··· PROVIDED DATA ···
Lemma codim_bigcap_sub n d (J : finType) (I : {set J}) (A B : J -> {set 'I_n}) :
  (forall i, i \in I -> A i \subset B i) ->
  codim d (\bigcap_(i in I) A i) - \sum_(i in I) codim d (A i) <=
  codim d (\bigcap_(i in I) B i) - \sum_(i in I) codim d (B i).
Proof.
move=> AB; have capAB := card_bigcap_sub_le AB.
have capA_B : (#|\bigcap_(i in I) A i| <= #|\bigcap_(i in I) B i|)%N.
  by apply/subset_leq_card/bigcapsP => i iI; apply: subset_trans (bigcap_inf _ iI) (AB i iI).
have codimB i : i \in I -> codim d (B i) = codim d (A i) - ((#|B i| - #|A i|)%N)%:Z.
  by move=> iI; rewrite /codim; have := subset_leq_card (AB i iI); lia.
have -> : \sum_(i in I) codim d (B i) =
    \sum_(i in I) codim d (A i) - (\sum_(i in I) (#|B i| - #|A i|))%N%:Z.
  by rewrite (eq_bigr _ codimB) sumrB (big_morph Posz PoszD erefl).
by move: capAB capA_B; rewrite /codim; lia.
Qed.

Section Grouping.
Variables (n : nat) (J : finType) (I : {set J}) (Q : J -> pred {set 'I_n}).
Variable R : {set {set 'I_n}}.
Hypothesis Q_ex : forall Y, Y \in R -> exists2 i, i \in I & Q i Y.
Hypothesis Q_uniq : forall Y i j, Y \in R -> Q i Y -> Q j Y -> i = j.

Lemma rho_partition d : rho d R = \sum_(i in I) rho d [set Y in R | Q i Y].
Proof.
rewrite /rho; have -> : \sum_(i in I) \sum_(Y in [set Y in R | Q i Y]) codim d Y =
    \sum_(i in I) \sum_(Y in R) (if Q i Y then codim d Y else 0).
  by apply: eq_bigr => i _; rewrite -big_mkcondr; apply: eq_bigl => Y; rewrite inE.
rewrite exchange_big /=; apply: eq_bigr => Y YR.
have [i0 i0I Qi0] := Q_ex YR; rewrite (bigD1 i0) //= Qi0 big1 ?addr0 // => j /andP[_ ji0].
by case: ifP => // Qj; move: ji0; rewrite (Q_uniq YR Qj Qi0) eqxx.
Qed.

Lemma bigI_partition : bigI R = \bigcap_(i in I) bigI [set Y in R | Q i Y].
Proof.
apply/setP => x; apply/bigcapP/bigcapP => [xR i _|xI Y YR].
  by apply/bigcapP => Y; rewrite inE => /andP[/xR].
by have [i iI QiY] := Q_ex YR; move/bigcapP: (xI i iI); apply; rewrite inE YR.
Qed.

End Grouping.

Lemma inL_card_setU_gt n d (S : {set {set 'I_n}}) X Y : inL n d S ->
  X \in S -> Y \in S -> X != Y -> (d < #|X :|: Y|)%N.
Proof.
move=> LS XS YS XY; have XYS : [set X; Y] \subset S by apply/subsetP => Z /set2P[]->.
have := inL_Dd_gt0 LS XYS; rewrite cards2 XY /Dd => /(_ isT).
have -> : bigI [set X; Y] = X :&: Y by rewrite /bigI bigcap_setU !big_set1.
have -> : rho d [set X; Y] = codim d X + codim d Y by rewrite /rho big_setU1 ?inE //= big_set1.
by rewrite /codim; have := cardsUI X Y; lia.
Qed.

Definition admissible n d l (f : 'I_l -> {set 'I_n}) (Y : {set 'I_n}) :=
  (#|Y| <= d)%N && [exists i, f i \subset Y].

Section Generators.
Variables (n d l : nat) (f : 'I_l -> {set 'I_n}).
Hypothesis f_inj : injective f.
Hypothesis LT : inL n d (f @: setT).

Lemma card_gen_le i : (#|f i| <= d)%N.
Proof. exact/(inL_card_le LT)/imset_f. Qed.

Lemma gen_index_unique (Y : {set 'I_n}) i j :
  (#|Y| <= d)%N -> f i \subset Y -> f j \subset Y -> i = j.
Proof.
move=> Yd fiY fjY; apply: f_inj; apply/eqP; apply: contraTT Yd => fij; rewrite -ltnNge.
have fT k : f k \in f @: setT by rewrite imset_f.
apply: leq_trans (inL_card_setU_gt LT (fT i) (fT j) fij) _.
by rewrite subset_leq_card // subUset fiY fjY.
Qed.

Lemma Dd_gens_gt0 (I : {set 'I_l}) : (1 < #|I|)%N ->
  0 < codim d (\bigcap_(i in I) f i) - \sum_(i in I) codim d (f i).
Proof.
have f_injI : {in I &, injective f} by move=> ? ? _ _ /f_inj.
move=> I1; have := inL_Dd_gt0 LT (imsetS f (subsetT I)).
by rewrite card_in_imset // I1 /Dd /bigI /rho !big_imset //; apply.
Qed.

Lemma inL_groupwise (S : {set {set 'I_n}}) :
  (forall Y, Y \in S -> admissible d f Y) ->
  (forall (R : {set {set 'I_n}}) i, R \subset S -> (1 < #|R|)%N ->
     (forall Y, Y \in R -> f i \subset Y) -> 0 < Dd d R) ->
  inL n d S.
Proof.
move=> Sadm DdS; apply/andP; split; last by apply/forall_inP => Y /Sadm/andP[].
apply/forallP => R; apply/implyP => /andP[RS R1].
have [/existsP[i /forall_inP fiR]|spread] := boolP [exists i, [forall Y in R, f i \subset Y]].
  exact: DdS RS R1 fiR.
have Radm Y : Y \in R -> admissible d f Y by move/(subsetP RS)/Sadm.
pose I := [set i | [exists Y in R, f i \subset Y]].
pose Rg i := [set Y in R | f i \subset Y].
have Rg_ex Y : Y \in R -> exists2 i, i \in I & f i \subset Y.
  move=> YR; case/andP: (Radm Y YR) => _ /existsP[i fiY].
  by exists i; rewrite // inE; apply/exists_inP; exists Y.
have Rg_uniq Y i j : Y \in R -> f i \subset Y -> f j \subset Y -> i = j.
  by case/Radm/andP => Yd _; apply: gen_index_unique.
have I1 : (1 < #|I|)%N.
  have [Y0 Y0R] : exists Y0, Y0 \in R by apply/set0Pn; rewrite -card_gt0 ltnW.
  have [i0 i0I fi0Y0] := Rg_ex Y0 Y0R.
  have : ~~ [forall Y in R, f i0 \subset Y] by apply: contra spread => ?; apply/existsP; exists i0.
  rewrite negb_forall_in => /exists_inP[Y1 Y1R fi0Y1].
  have [i1 i1I fi1Y1] := Rg_ex Y1 Y1R.
  have i01 : i0 != i1 by apply: contraNneq fi0Y1 => ->.
  by rewrite (cardsD1 i0) i0I (cardsD1 i1) in_setD1 i1I eq_sym i01.
have rho_Rg i : i \in I -> rho d (Rg i) <= codim d (bigI (Rg i)).
  rewrite inE => /exists_inP[Y YR fiY]; apply: rho_le_codim_bigI.
    by apply/set0Pn; exists Y; rewrite inE YR.
  move=> Rg1; apply: (DdS _ i _ Rg1) => [|Z]; last by rewrite inE => /andP[].
  by apply/subsetP => Z; rewrite inE => /andP[/(subsetP RS)].
have f_Rg i : i \in I -> f i \subset bigI (Rg i).
  by move=> _; apply/bigcapsP => Y; rewrite inE => /andP[].
(* Each group's rho is at most the codim of its intersection, and enlarging the
   generators to these intersections can only increase D, which is positive on
   the generators themselves. *)
rewrite /Dd (bigI_partition (Q := fun i Y => f i \subset Y) Rg_ex).
rewrite (rho_partition (Q := fun i Y => f i \subset Y) Rg_ex Rg_uniq).
apply: lt_le_trans (Dd_gens_gt0 I1) _; apply: le_trans (codim_bigcap_sub d f_Rg) _.
by rewrite lerD2l lerN2; apply: ler_sum.
Qed.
···
## [PROBLEM REQUIREMENTS]
Return the full listing, word for word.

## [TASK ANSWER]
Lemma codim_bigcap_sub n d (J : finType) (I : {set J}) (A B : J -> {set 'I_n}) :
  (forall i, i \in I -> A i \subset B i) ->
  codim d (\bigcap_(i in I) A i) - \sum_(i in I) codim d (A i) <=
  codim d (\bigcap_(i in I) B i) - \sum_(i in I) codim d (B i).
Proof.
move=> AB; have capAB := card_bigcap_sub_le AB.
have capA_B : (#|\bigcap_(i in I) A i| <= #|\bigcap_(i in I) B i|)%N.
  by apply/subset_leq_card/bigcapsP => i iI; apply: subset_trans (bigcap_inf _ iI) (AB i iI).
have codimB i : i \in I -> codim d (B i) = codim d (A i) - ((#|B i| - #|A i|)%N)%:Z.
  by move=> iI; rewrite /codim; have := subset_leq_card (AB i iI); lia.
have -> : \sum_(i in I) codim d (B i) =
    \sum_(i in I) codim d (A i) - (\sum_(i in I) (#|B i| - #|A i|))%N%:Z.
  by rewrite (eq_bigr _ codimB) sumrB (big_morph Posz PoszD erefl).
by move: capAB capA_B; rewrite /codim; lia.
Qed.

Section Grouping.
Variables (n : nat) (J : finType) (I : {set J}) (Q : J -> pred {set 'I_n}).
Variable R : {set {set 'I_n}}.
Hypothesis Q_ex : forall Y, Y \in R -> exists2 i, i \in I & Q i Y.
Hypothesis Q_uniq : forall Y i j, Y \in R -> Q i Y -> Q j Y -> i = j.

Lemma rho_partition d : rho d R = \sum_(i in I) rho d [set Y in R | Q i Y].
Proof.
rewrite /rho; have -> : \sum_(i in I) \sum_(Y in [set Y in R | Q i Y]) codim d Y =
    \sum_(i in I) \sum_(Y in R) (if Q i Y then codim d Y else 0).
  by apply: eq_bigr => i _; rewrite -big_mkcondr; apply: eq_bigl => Y; rewrite inE.
rewrite exchange_big /=; apply: eq_bigr => Y YR.
have [i0 i0I Qi0] := Q_ex YR; rewrite (bigD1 i0) //= Qi0 big1 ?addr0 // => j /andP[_ ji0].
by case: ifP => // Qj; move: ji0; rewrite (Q_uniq YR Qj Qi0) eqxx.
Qed.

Lemma bigI_partition : bigI R = \bigcap_(i in I) bigI [set Y in R | Q i Y].
Proof.
apply/setP => x; apply/bigcapP/bigcapP => [xR i _|xI Y YR].
  by apply/bigcapP => Y; rewrite inE => /andP[/xR].
by have [i iI QiY] := Q_ex YR; move/bigcapP: (xI i iI); apply; rewrite inE YR.
Qed.

End Grouping.

Lemma inL_card_setU_gt n d (S : {set {set 'I_n}}) X Y : inL n d S ->
  X \in S -> Y \in S -> X != Y -> (d < #|X :|: Y|)%N.
Proof.
move=> LS XS YS XY; have XYS : [set X; Y] \subset S by apply/subsetP => Z /set2P[]->.
have := inL_Dd_gt0 LS XYS; rewrite cards2 XY /Dd => /(_ isT).
have -> : bigI [set X; Y] = X :&: Y by rewrite /bigI bigcap_setU !big_set1.
have -> : rho d [set X; Y] = codim d X + codim d Y by rewrite /rho big_setU1 ?inE //= big_set1.
by rewrite /codim; have := cardsUI X Y; lia.
Qed.

Definition admissible n d l (f : 'I_l -> {set 'I_n}) (Y : {set 'I_n}) :=
  (#|Y| <= d)%N && [exists i, f i \subset Y].

Section Generators.
Variables (n d l : nat) (f : 'I_l -> {set 'I_n}).
Hypothesis f_inj : injective f.
Hypothesis LT : inL n d (f @: setT).

Lemma card_gen_le i : (#|f i| <= d)%N.
Proof. exact/(inL_card_le LT)/imset_f. Qed.

Lemma gen_index_unique (Y : {set 'I_n}) i j :
  (#|Y| <= d)%N -> f i \subset Y -> f j \subset Y -> i = j.
Proof.
move=> Yd fiY fjY; apply: f_inj; apply/eqP; apply: contraTT Yd => fij; rewrite -ltnNge.
have fT k : f k \in f @: setT by rewrite imset_f.
apply: leq_trans (inL_card_setU_gt LT (fT i) (fT j) fij) _.
by rewrite subset_leq_card // subUset fiY fjY.
Qed.

Lemma Dd_gens_gt0 (I : {set 'I_l}) : (1 < #|I|)%N ->
  0 < codim d (\bigcap_(i in I) f i) - \sum_(i in I) codim d (f i).
Proof.
have f_injI : {in I &, injective f} by move=> ? ? _ _ /f_inj.
move=> I1; have := inL_Dd_gt0 LT (imsetS f (subsetT I)).
by rewrite card_in_imset // I1 /Dd /bigI /rho !big_imset //; apply.
Qed.

Lemma inL_groupwise (S : {set {set 'I_n}}) :
  (forall Y, Y \in S -> admissible d f Y) ->
  (forall (R : {set {set 'I_n}}) i, R \subset S -> (1 < #|R|)%N ->
     (forall Y, Y \in R -> f i \subset Y) -> 0 < Dd d R) ->
  inL n d S.
Proof.
move=> Sadm DdS; apply/andP; split; last by apply/forall_inP => Y /Sadm/andP[].
apply/forallP => R; apply/implyP => /andP[RS R1].
have [/existsP[i /forall_inP fiR]|spread] := boolP [exists i, [forall Y in R, f i \subset Y]].
  exact: DdS RS R1 fiR.
have Radm Y : Y \in R -> admissible d f Y by move/(subsetP RS)/Sadm.
pose I := [set i | [exists Y in R, f i \subset Y]].
pose Rg i := [set Y in R | f i \subset Y].
have Rg_ex Y : Y \in R -> exists2 i, i \in I & f i \subset Y.
  move=> YR; case/andP: (Radm Y YR) => _ /existsP[i fiY].
  by exists i; rewrite // inE; apply/exists_inP; exists Y.
have Rg_uniq Y i j : Y \in R -> f i \subset Y -> f j \subset Y -> i = j.
  by case/Radm/andP => Yd _; apply: gen_index_unique.
have I1 : (1 < #|I|)%N.
  have [Y0 Y0R] : exists Y0, Y0 \in R by apply/set0Pn; rewrite -card_gt0 ltnW.
  have [i0 i0I fi0Y0] := Rg_ex Y0 Y0R.
  have : ~~ [forall Y in R, f i0 \subset Y] by apply: contra spread => ?; apply/existsP; exists i0.
  rewrite negb_forall_in => /exists_inP[Y1 Y1R fi0Y1].
  have [i1 i1I fi1Y1] := Rg_ex Y1 Y1R.
  have i01 : i0 != i1 by apply: contraNneq fi0Y1 => ->.
  by rewrite (cardsD1 i0) i0I (cardsD1 i1) in_setD1 i1I eq_sym i01.
have rho_Rg i : i \in I -> rho d (Rg i) <= codim d (bigI (Rg i)).
  rewrite inE => /exists_inP[Y YR fiY]; apply: rho_le_codim_bigI.
    by apply/set0Pn; exists Y; rewrite inE YR.
  move=> Rg1; apply: (DdS _ i _ Rg1) => [|Z]; last by rewrite inE => /andP[].
  by apply/subsetP => Z; rewrite inE => /andP[/(subsetP RS)].
have f_Rg i : i \in I -> f i \subset bigI (Rg i).
  by move=> _; apply/bigcapsP => Y; rewrite inE => /andP[].
(* Each group's rho is at most the codim of its intersection, and enlarging the
   generators to these intersections can only increase D, which is positive on
   the generators themselves. *)
rewrite /Dd (bigI_partition (Q := fun i Y => f i \subset Y) Rg_ex).
rewrite (rho_partition (Q := fun i Y => f i \subset Y) Rg_ex Rg_uniq).
apply: lt_le_trans (Dd_gens_gt0 I1) _; apply: le_trans (codim_bigcap_sub d f_Rg) _.
by rewrite lerD2l lerN2; apply: ler_sum.
Qed.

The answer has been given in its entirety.